Aim of the exercise —
Copy out, unchanged, every line from the start of the records to the line that contains "Lemma row_sum_expand b", and stop there.

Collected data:
Lemma sum_n_m_INR b : sum_n_m (fun j => INR j) 1 b = INR b * (INR b + 1) / 2.
Proof.
  induction b as [|b IH].
  - rewrite sum_n_m_zero by lia. simpl. change zero with 0. field.
  - rewrite sum_n_Sm, IH, S_INR by lia. change plus with Rplus. as_R_eq. field.
Qed.

Definition row_sum (b m : nat) : R :=
  INR (S b) * (2 * INR (S b) - 1) * / oddR m ^ (2*b+3)
  - 4 * sum_n_m (fun j => INR j * lambda_odd (2*b+2-2*j) * / oddR m ^ (2*j+1)) 1 b.

Lemma row_sum_expand b m :
  / oddR m ^ (2*b+3) / 2
  + sum_n_m (fun j => -4 * INR j * / oddR m ^ (2*j+1)
                      * (lambda_odd (2*b+2-2*j) - / oddR m ^ (2*b+2-2*j))) 1 b
  + 2 * INR (2*b+1) * / oddR m ^ (2*b+1) * / (4 * oddR m ^ 2) = row_sum b m.
Proof.
  assert (Hm := oddR_pos m).
  rewrite (sum_n_m_ext_loc _ (fun j => -4 * (INR j * lambda_odd (2*b+2-2*j) * / oddR m ^ (2*j+1))
                                      + 4 * / oddR m ^ (2*b+3) * INR j)).
  2: { intros j Hj.
       replace (oddR m ^ (2*b+3)) with (oddR m ^ (2*j+1) * oddR m ^ (2*b+2-2*j))
         by (rewrite <- pow_add; f_equal; lia).
       assert (0 < oddR m ^ (2*j+1)) by (apply pow_lt, oddR_pos).
       assert (0 < oddR m ^ (2*b+2-2*j)) by (apply pow_lt, oddR_pos).
       as_R_eq. field. split; lra. }
  rewrite (sum_n_m_plus (fun j => -4 * (INR j * lambda_odd (2*b+2-2*j) * / oddR m ^ (2*j+1)))
                        (fun j => 4 * / oddR m ^ (2*b+3) * INR j)).
  rewrite (sum_n_m_mult_l (-4)), (sum_n_m_mult_l (4 * / oddR m ^ (2*b+3))).
  change (@sum_n_m (Ring.AbelianMonoid R_Ring)) with (@sum_n_m R_AbelianMonoid).
  change plus with Rplus. change mult with Rmult.
  rewrite sum_n_m_INR.
  unfold row_sum. rewrite !S_INR.
  replace (INR (2*b+1)) with (2 * INR b + 1) by (rewrite plus_INR, mult_INR; simpl; ring).
  replace (oddR m ^ (2*b+3)) with (oddR m ^ (2*b+1) * oddR m ^ 2) by (rewrite <- pow_add; f_equal; lia).
  assert (0 < oddR m ^ (2*b+1)) by (apply pow_lt, oddR_pos).
  field. split; lra.
Qed.

Lemma is_series_row_term b m : is_series (row_term b m) (row_sum b m).
Proof.
  set (c := fun j => -4 * INR j * / oddR m ^ (2*j+1)).
  assert (Hpunct : forall j, (1 <= j <= b)%nat ->
            is_series (punctured_pow (2*b+2-2*j) m) (lambda_odd (2*b+2-2*j) - / oddR m ^ (2*b+2-2*j)))
    by (intros j Hj; apply is_series_punctured_pow; lia).
  assert (Hfin := is_series_sum_n_m (fun j n => c j * punctured_pow (2*b+2-2*j) m n) 1 b
            (fun j Hj => ex_series_scal_l_R _ _ (ex_intro _ _ (Hpunct j Hj)))).
  assert (Hinv := is_series_scal_l (2 * INR (2*b+1) * / oddR m ^ (2*b+1)) _ _
                    (is_series_inv_oddR_sq_sub m)).
  assert (Hall := is_series_plus _ _ _ _
                    (is_series_plus _ _ _ _ (is_series_point_seq m (/ oddR m ^ (2*b+3) / 2)) Hfin)
                    Hinv).
  refine (is_series_ext_eq _ _ _ _ _ _ Hall); [intros n; reflexivity|].
  rewrite <- row_sum_expand.
  change (/ oddR m ^ (2*b+3) / 2
          + sum_n_m (fun j => Series (fun n => c j * punctured_pow (2*b+2-2*j) m n)) 1 b
          + 2 * INR (2*b+1) * / oddR m ^ (2*b+1) * / (4 * oddR m ^ 2)
          = / oddR m ^ (2*b+3) / 2
            + sum_n_m (fun j => c j * (lambda_odd (2*b+2-2*j) - / oddR m ^ (2*b+2-2*j))) 1 b
            + 2 * INR (2*b+1) * / oddR m ^ (2*b+1) * / (4 * oddR m ^ 2)).
  do 2 f_equal. apply sum_n_m_ext_loc. intros j Hj.
  rewrite Series_scal_l, (is_series_unique _ _ (Hpunct j Hj)). reflexivity.
Qed.

Lemma is_series_row_sum b :
  is_series (row_sum b)
    (INR (S b) * (2 * INR (S b) - 1) * lambda_odd (2*b+3)
     - 4 * sum_n_m (fun j => INR j * lambda_odd (2*b+2-2*j) * lambda_odd (2*j+1)) 1 b).
Proof.
  set (g := fun j m => INR j * lambda_odd (2*b+2-2*j) * / oddR m ^ (2*j+1)).
  assert (Hfin := is_series_sum_n_m g 1 b
            (fun j Hj => ex_series_scal_l_R _ _ (ex_series_inv_oddR_pow (2*j+1) ltac:(lia)))).
  assert (Hlead := is_series_scal_l (INR (S b) * (2 * INR (S b) - 1)) _ _
                     (Series_correct _ (ex_series_inv_oddR_pow (2*b+3) ltac:(lia)))).
  refine (is_series_ext_eq _ _ _ _ _ _
            (is_series_minus _ _ _ _ Hlead (is_series_scal_l 4 _ _ Hfin))).
  - intros m. reflexivity.
  - change (INR (S b) * (2 * INR (S b) - 1) * Series (fun n => / oddR n ^ (2*b+3))
            - 4 * sum_n_m (fun j => Series (g j)) 1 b
            = INR (S b) * (2 * INR (S b) - 1) * lambda_odd (2*b+3)
              - 4 * sum_n_m (fun j => INR j * lambda_odd (2*b+2-2*j) * lambda_odd (2*j+1)) 1 b).
    rewrite <- lambda_odd_Series. do 2 f_equal.
    apply sum_n_m_ext. intros j. unfold g. rewrite Series_scal_l, (lambda_odd_Series (2*j+1)). reflexivity.
Qed.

Result of this exercise —
Lemma sum_n_m_INR b : sum_n_m (fun j => INR j) 1 b = INR b * (INR b + 1) / 2.
Proof.
  induction b as [|b IH].
  - rewrite sum_n_m_zero by lia. simpl. change zero with 0. field.
  - rewrite sum_n_Sm, IH, S_INR by lia. change plus with Rplus. as_R_eq. field.
Qed.

Definition row_sum (b m : nat) : R :=
  INR (S b) * (2 * INR (S b) - 1) * / oddR m ^ (2*b+3)
  - 4 * sum_n_m (fun j => INR j * lambda_odd (2*b+2-2*j) * / oddR m ^ (2*j+1)) 1 b.

Lemma row_sum_expand b m :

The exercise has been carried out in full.